Using the entries below, write out the line with "fun x => exists", the line with "forall i j, i", and every line in between, exactly as each is written.

======== Data for review

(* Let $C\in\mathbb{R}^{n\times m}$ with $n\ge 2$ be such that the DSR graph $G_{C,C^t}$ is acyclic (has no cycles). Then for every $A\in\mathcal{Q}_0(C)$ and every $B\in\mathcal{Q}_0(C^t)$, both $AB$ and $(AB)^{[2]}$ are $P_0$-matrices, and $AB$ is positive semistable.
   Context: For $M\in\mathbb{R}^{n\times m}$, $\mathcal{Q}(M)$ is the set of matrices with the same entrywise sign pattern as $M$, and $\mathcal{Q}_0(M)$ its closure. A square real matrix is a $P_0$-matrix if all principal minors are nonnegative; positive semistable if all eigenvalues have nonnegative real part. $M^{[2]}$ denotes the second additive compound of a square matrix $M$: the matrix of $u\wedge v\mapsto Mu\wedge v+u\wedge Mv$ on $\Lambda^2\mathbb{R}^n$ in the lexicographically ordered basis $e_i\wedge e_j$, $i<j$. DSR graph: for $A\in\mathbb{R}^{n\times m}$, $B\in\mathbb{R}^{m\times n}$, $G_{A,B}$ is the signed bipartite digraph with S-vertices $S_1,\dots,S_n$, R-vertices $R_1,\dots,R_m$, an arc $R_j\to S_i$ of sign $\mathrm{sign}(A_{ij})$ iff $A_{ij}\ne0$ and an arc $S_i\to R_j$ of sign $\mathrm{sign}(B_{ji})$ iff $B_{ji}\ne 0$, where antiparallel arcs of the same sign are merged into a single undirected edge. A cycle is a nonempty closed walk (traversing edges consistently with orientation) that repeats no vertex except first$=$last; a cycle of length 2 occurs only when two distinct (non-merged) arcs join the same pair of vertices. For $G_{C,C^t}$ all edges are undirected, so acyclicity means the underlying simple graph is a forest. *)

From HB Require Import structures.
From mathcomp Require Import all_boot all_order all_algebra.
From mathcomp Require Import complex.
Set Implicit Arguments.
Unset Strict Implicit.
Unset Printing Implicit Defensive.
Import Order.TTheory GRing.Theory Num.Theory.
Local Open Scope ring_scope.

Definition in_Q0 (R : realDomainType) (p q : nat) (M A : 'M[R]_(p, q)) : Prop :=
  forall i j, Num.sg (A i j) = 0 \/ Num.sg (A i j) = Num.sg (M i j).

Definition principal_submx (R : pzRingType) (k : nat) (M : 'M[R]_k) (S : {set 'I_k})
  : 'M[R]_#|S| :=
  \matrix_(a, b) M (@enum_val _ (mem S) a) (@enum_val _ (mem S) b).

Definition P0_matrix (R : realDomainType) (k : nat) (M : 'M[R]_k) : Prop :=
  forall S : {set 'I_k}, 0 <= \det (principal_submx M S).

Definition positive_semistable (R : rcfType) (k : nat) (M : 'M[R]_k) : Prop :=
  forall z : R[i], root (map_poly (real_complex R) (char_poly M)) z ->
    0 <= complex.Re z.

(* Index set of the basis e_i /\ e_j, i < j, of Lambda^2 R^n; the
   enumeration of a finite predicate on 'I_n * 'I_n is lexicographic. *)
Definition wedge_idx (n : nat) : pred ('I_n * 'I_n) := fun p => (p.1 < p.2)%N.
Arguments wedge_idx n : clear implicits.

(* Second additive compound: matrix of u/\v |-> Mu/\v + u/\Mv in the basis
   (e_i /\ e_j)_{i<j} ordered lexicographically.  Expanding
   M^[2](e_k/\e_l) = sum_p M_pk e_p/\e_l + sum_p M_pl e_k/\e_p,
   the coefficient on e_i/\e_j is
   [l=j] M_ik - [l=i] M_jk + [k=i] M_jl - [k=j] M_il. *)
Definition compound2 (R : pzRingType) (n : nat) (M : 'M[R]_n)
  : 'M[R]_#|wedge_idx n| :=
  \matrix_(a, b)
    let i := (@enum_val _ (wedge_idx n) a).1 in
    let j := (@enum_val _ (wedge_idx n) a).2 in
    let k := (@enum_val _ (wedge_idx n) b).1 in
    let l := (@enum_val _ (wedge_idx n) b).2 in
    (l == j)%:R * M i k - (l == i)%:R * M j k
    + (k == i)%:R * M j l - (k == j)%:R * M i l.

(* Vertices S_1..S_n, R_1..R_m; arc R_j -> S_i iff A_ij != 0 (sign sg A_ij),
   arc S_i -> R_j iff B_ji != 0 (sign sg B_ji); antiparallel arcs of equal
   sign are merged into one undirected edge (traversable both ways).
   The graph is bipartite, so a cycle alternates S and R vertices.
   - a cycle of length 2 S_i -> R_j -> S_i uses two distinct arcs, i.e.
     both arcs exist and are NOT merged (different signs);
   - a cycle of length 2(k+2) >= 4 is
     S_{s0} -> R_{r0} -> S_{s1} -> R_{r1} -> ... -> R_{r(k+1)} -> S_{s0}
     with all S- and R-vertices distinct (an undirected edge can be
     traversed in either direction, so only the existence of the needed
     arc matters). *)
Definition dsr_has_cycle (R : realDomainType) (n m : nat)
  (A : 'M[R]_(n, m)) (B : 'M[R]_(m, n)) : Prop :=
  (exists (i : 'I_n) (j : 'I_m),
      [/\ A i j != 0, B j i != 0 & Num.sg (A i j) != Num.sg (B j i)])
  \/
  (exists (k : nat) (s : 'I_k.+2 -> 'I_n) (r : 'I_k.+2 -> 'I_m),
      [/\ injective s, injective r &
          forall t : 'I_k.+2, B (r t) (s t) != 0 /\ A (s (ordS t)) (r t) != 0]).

================
======== Data for review

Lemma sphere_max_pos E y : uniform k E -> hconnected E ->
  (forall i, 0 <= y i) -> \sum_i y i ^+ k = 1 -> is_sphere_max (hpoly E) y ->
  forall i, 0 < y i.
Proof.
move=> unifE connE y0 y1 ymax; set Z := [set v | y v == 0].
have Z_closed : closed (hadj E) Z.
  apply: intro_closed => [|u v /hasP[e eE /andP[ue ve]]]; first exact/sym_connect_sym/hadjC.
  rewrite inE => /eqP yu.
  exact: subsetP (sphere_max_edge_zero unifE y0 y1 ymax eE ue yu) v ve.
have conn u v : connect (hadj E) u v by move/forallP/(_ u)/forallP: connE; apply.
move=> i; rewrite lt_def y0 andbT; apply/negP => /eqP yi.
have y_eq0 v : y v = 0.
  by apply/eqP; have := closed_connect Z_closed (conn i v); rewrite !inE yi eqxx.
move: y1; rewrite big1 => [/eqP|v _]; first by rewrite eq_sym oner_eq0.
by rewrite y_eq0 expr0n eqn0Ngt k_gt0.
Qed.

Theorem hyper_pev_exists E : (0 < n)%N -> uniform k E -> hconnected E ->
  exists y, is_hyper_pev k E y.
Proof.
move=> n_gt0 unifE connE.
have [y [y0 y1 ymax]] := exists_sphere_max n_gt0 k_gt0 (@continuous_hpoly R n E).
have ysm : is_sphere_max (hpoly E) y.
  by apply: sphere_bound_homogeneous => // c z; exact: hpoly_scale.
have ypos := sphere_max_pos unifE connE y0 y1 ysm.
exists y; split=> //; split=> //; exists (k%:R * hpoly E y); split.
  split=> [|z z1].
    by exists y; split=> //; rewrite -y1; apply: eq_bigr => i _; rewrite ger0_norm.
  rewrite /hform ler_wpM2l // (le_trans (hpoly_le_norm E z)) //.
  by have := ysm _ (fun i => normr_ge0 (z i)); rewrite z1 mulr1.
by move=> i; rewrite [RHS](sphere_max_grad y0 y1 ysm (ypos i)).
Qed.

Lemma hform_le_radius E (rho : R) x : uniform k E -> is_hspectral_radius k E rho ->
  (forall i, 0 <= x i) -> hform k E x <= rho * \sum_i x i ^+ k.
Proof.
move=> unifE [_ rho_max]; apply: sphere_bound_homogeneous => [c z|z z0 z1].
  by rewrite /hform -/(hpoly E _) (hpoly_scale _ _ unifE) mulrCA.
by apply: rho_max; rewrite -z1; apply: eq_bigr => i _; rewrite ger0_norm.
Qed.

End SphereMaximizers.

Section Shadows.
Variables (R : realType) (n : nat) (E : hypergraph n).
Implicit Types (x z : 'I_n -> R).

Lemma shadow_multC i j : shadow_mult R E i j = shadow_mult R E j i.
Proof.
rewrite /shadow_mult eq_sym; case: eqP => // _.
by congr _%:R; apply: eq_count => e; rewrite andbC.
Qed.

================
======== Data for review

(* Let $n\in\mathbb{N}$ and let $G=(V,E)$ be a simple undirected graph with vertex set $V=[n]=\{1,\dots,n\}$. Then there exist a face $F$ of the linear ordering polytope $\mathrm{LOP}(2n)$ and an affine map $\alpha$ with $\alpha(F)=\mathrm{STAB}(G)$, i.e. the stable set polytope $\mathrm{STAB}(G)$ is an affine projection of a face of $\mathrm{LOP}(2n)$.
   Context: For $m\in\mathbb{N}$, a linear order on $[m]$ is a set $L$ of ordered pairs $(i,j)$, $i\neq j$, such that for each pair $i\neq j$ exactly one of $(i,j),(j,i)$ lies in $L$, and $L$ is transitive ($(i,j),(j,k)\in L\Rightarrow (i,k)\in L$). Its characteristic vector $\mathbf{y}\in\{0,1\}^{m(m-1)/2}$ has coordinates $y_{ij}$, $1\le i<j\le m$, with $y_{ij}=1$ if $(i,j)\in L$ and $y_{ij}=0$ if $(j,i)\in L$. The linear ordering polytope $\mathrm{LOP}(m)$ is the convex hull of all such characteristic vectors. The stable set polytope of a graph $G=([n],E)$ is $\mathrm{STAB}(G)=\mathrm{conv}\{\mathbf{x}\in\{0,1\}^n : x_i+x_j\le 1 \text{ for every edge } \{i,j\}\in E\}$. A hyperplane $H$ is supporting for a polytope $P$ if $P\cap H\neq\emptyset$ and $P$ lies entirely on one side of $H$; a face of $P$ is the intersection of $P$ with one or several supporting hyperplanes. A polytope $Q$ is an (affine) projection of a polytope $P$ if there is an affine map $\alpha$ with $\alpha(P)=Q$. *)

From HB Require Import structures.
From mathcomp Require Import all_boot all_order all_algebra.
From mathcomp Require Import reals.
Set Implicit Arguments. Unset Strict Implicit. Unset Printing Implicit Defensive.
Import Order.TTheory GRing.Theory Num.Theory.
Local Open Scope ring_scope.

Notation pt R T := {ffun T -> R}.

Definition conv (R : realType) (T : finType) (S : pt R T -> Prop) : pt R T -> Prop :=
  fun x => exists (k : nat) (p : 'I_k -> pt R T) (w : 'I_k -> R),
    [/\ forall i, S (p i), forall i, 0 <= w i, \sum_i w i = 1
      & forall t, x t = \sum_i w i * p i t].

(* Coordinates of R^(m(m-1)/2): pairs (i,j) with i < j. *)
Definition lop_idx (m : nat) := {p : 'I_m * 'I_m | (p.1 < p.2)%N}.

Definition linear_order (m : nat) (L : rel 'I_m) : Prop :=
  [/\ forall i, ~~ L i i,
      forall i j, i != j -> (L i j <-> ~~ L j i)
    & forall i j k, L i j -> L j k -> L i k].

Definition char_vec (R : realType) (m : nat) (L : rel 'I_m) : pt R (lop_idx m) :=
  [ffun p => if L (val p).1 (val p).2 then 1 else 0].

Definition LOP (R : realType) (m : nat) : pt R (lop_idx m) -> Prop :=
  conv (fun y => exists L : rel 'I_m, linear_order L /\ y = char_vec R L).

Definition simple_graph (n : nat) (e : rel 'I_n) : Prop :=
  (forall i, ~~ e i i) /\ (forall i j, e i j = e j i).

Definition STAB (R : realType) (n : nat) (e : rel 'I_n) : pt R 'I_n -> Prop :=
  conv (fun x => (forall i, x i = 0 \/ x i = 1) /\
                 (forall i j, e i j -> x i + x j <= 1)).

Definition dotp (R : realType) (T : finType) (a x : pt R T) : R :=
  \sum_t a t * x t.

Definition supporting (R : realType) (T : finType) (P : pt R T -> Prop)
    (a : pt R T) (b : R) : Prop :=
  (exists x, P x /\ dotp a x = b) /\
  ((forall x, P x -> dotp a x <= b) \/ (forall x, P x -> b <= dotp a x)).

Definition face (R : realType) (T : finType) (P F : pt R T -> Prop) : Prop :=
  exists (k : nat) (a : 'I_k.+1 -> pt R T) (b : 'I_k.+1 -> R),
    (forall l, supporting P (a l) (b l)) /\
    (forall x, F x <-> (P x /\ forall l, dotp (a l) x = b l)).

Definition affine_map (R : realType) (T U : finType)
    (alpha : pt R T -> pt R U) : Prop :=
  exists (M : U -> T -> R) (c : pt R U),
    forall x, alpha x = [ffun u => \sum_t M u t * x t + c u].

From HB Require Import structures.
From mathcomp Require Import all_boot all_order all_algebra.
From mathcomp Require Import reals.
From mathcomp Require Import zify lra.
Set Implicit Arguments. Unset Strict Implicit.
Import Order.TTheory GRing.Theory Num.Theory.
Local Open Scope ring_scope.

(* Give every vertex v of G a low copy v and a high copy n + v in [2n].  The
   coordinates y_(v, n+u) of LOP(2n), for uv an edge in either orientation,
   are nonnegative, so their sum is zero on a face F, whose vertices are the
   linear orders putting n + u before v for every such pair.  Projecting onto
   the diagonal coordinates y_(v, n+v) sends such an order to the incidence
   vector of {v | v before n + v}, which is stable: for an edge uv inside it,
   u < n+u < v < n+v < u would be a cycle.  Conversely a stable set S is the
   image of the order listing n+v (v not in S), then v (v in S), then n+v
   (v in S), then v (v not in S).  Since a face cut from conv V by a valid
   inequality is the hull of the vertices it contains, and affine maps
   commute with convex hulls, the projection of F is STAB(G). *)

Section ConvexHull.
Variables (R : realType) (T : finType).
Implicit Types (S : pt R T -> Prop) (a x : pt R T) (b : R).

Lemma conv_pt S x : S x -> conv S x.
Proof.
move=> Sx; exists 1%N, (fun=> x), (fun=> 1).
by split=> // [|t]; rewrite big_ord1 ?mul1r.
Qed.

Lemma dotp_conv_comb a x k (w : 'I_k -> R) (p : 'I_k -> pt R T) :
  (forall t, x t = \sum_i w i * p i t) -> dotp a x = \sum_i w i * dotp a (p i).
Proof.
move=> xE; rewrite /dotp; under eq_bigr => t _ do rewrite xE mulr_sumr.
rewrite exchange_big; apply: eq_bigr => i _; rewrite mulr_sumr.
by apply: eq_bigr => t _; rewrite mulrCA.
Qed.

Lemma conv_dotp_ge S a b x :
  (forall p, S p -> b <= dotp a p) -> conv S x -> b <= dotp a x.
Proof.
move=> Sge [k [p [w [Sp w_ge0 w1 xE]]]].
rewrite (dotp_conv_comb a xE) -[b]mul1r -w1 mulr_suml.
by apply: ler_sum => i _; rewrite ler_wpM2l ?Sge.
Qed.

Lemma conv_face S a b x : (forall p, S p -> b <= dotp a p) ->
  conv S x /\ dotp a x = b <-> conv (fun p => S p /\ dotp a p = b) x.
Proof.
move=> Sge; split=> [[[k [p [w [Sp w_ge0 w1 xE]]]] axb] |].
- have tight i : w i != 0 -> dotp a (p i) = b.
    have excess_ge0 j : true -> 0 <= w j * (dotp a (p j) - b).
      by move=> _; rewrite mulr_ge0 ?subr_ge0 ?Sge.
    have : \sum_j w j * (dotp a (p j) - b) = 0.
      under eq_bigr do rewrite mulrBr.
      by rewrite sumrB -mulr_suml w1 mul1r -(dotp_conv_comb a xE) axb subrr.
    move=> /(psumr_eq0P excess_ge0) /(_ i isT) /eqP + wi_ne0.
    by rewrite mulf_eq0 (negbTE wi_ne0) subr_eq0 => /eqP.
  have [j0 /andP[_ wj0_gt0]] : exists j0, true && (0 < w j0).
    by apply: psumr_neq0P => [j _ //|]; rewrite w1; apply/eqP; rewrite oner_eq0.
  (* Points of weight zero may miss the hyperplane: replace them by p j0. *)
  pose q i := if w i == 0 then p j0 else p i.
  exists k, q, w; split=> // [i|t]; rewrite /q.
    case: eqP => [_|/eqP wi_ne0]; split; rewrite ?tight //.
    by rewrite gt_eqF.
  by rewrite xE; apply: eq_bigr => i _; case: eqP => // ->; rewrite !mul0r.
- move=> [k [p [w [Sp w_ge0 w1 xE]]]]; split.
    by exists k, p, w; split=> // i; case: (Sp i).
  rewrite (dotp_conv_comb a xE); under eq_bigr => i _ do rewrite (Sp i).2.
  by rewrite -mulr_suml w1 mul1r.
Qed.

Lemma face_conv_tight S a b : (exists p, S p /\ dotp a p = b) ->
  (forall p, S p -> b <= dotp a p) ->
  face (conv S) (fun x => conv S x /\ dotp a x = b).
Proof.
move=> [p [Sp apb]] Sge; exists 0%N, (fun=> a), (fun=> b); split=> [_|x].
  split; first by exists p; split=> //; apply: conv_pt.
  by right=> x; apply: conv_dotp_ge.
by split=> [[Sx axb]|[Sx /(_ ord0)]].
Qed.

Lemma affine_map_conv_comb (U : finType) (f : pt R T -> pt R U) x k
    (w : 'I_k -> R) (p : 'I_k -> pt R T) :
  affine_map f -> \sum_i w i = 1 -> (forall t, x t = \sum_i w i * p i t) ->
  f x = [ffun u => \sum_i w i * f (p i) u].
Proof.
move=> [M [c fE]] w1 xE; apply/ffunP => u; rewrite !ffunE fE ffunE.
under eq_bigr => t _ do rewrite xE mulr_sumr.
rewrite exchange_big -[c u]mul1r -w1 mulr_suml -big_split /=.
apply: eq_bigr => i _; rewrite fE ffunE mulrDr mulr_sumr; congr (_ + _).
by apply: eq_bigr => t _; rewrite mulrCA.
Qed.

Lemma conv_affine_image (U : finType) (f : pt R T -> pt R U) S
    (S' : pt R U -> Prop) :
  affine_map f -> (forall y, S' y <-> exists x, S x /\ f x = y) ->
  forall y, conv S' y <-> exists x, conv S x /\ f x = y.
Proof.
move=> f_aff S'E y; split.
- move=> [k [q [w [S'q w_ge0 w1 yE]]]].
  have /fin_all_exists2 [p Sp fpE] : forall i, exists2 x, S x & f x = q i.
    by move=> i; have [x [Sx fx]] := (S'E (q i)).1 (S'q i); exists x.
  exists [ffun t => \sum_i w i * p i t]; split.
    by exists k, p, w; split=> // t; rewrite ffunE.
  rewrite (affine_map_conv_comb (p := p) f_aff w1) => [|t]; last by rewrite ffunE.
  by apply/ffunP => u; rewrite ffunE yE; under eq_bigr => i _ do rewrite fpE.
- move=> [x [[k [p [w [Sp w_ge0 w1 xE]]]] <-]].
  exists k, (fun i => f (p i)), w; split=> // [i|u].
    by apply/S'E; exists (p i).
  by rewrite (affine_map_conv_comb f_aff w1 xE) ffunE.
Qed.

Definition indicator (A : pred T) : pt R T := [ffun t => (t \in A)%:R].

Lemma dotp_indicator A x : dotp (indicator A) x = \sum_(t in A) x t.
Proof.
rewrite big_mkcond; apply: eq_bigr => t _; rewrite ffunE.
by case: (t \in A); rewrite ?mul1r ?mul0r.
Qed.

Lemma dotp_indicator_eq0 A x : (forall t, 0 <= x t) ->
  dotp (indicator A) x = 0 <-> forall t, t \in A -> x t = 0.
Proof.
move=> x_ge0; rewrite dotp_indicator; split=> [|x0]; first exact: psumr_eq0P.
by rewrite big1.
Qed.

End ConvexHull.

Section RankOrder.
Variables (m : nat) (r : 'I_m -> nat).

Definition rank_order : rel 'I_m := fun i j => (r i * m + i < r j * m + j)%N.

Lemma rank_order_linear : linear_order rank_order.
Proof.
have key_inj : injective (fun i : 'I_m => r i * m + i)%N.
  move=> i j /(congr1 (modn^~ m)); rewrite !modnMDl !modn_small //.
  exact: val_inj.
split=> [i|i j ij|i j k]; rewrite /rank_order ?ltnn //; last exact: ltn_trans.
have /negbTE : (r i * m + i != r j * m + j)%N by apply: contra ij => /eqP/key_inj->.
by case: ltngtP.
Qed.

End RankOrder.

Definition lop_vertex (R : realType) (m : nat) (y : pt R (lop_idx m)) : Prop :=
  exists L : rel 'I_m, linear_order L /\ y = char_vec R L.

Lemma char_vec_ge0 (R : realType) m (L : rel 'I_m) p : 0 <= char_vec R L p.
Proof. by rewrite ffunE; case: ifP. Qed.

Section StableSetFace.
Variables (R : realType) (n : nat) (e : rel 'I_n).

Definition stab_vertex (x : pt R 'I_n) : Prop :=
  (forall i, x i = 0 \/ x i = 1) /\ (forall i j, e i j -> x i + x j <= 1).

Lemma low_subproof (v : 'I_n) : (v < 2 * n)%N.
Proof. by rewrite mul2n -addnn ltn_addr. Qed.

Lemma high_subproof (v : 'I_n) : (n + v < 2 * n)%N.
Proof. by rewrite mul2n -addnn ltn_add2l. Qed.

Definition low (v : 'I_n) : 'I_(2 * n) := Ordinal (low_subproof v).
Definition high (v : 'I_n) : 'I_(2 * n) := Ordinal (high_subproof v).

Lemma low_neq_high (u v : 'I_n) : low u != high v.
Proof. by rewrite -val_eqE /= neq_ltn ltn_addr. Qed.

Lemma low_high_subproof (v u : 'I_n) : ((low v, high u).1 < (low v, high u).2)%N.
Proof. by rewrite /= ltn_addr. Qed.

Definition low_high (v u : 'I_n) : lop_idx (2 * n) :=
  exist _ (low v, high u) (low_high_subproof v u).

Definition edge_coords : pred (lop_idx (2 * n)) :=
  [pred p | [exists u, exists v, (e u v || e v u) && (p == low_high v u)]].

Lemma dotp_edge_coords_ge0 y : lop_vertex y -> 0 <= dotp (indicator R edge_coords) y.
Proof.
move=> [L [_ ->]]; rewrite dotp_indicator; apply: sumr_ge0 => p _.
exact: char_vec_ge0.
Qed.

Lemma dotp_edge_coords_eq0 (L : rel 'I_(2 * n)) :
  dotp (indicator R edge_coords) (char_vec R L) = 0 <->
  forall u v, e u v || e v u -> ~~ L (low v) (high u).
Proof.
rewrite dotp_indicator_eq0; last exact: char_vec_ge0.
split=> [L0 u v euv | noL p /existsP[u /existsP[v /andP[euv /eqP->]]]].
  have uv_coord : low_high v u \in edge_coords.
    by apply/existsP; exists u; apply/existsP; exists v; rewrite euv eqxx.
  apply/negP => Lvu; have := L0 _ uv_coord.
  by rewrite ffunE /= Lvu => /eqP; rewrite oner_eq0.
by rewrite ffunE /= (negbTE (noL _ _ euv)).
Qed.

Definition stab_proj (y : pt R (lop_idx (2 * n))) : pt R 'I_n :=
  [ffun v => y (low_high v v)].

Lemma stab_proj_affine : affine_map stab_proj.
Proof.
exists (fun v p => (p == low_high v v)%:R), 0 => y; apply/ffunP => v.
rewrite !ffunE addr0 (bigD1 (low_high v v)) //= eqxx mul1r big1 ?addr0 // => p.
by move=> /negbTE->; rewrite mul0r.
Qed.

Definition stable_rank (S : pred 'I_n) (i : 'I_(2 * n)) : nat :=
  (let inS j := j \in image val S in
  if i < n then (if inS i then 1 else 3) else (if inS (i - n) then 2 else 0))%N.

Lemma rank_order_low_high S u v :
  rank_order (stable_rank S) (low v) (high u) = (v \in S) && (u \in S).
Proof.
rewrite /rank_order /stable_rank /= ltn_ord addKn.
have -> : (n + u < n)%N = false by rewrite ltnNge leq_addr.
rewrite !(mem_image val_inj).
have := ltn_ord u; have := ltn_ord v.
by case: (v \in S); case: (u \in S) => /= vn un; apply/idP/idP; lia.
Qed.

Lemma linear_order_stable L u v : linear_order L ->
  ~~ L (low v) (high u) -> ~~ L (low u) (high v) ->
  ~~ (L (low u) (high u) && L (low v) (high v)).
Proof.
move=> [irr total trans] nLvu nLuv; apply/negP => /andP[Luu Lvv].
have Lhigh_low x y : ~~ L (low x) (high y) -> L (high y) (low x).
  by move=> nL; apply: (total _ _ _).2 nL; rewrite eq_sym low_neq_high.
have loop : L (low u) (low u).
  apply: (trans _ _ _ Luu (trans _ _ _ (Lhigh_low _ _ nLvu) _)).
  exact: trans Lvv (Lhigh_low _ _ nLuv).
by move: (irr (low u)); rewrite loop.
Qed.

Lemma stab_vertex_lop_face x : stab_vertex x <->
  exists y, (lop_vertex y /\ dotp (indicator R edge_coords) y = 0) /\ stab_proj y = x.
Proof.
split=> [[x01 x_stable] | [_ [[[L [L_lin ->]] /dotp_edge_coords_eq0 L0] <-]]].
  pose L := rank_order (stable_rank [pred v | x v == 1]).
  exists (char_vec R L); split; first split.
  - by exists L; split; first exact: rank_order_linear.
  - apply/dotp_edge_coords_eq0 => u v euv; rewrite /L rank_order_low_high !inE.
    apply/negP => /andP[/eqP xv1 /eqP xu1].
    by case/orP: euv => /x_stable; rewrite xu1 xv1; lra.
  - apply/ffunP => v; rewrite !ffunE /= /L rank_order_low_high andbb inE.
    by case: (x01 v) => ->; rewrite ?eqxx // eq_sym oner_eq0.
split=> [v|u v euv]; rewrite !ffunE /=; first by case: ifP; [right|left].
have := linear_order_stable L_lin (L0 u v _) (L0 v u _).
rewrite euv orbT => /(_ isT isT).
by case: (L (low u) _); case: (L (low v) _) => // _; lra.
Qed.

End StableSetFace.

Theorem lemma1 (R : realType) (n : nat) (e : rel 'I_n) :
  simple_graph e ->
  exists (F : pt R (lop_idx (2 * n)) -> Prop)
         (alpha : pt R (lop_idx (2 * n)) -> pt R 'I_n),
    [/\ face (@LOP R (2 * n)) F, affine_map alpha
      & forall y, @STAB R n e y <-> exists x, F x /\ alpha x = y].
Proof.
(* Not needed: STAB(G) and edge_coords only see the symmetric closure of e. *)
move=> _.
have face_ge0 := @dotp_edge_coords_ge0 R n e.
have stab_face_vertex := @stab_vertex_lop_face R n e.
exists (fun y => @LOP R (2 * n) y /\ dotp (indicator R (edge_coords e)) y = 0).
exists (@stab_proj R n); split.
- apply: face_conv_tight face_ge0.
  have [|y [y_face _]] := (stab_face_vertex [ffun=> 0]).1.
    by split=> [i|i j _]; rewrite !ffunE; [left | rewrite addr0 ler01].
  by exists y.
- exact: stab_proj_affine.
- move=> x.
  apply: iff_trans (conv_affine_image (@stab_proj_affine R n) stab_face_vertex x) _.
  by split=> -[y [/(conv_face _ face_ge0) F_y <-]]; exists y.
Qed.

================

> [Finished task]:
  fun x => exists (k : nat) (p : 'I_k -> pt R T) (w : 'I_k -> R),
    [/\ forall i, S (p i), forall i, 0 <= w i, \sum_i w i = 1
      & forall t, x t = \sum_i w i * p i t].

(* Coordinates of R^(m(m-1)/2): pairs (i,j) with i < j. *)
Definition lop_idx (m : nat) := {p : 'I_m * 'I_m | (p.1 < p.2)%N}.

Definition linear_order (m : nat) (L : rel 'I_m) : Prop :=
  [/\ forall i, ~~ L i i,
      forall i j, i != j -> (L i j <-> ~~ L j i)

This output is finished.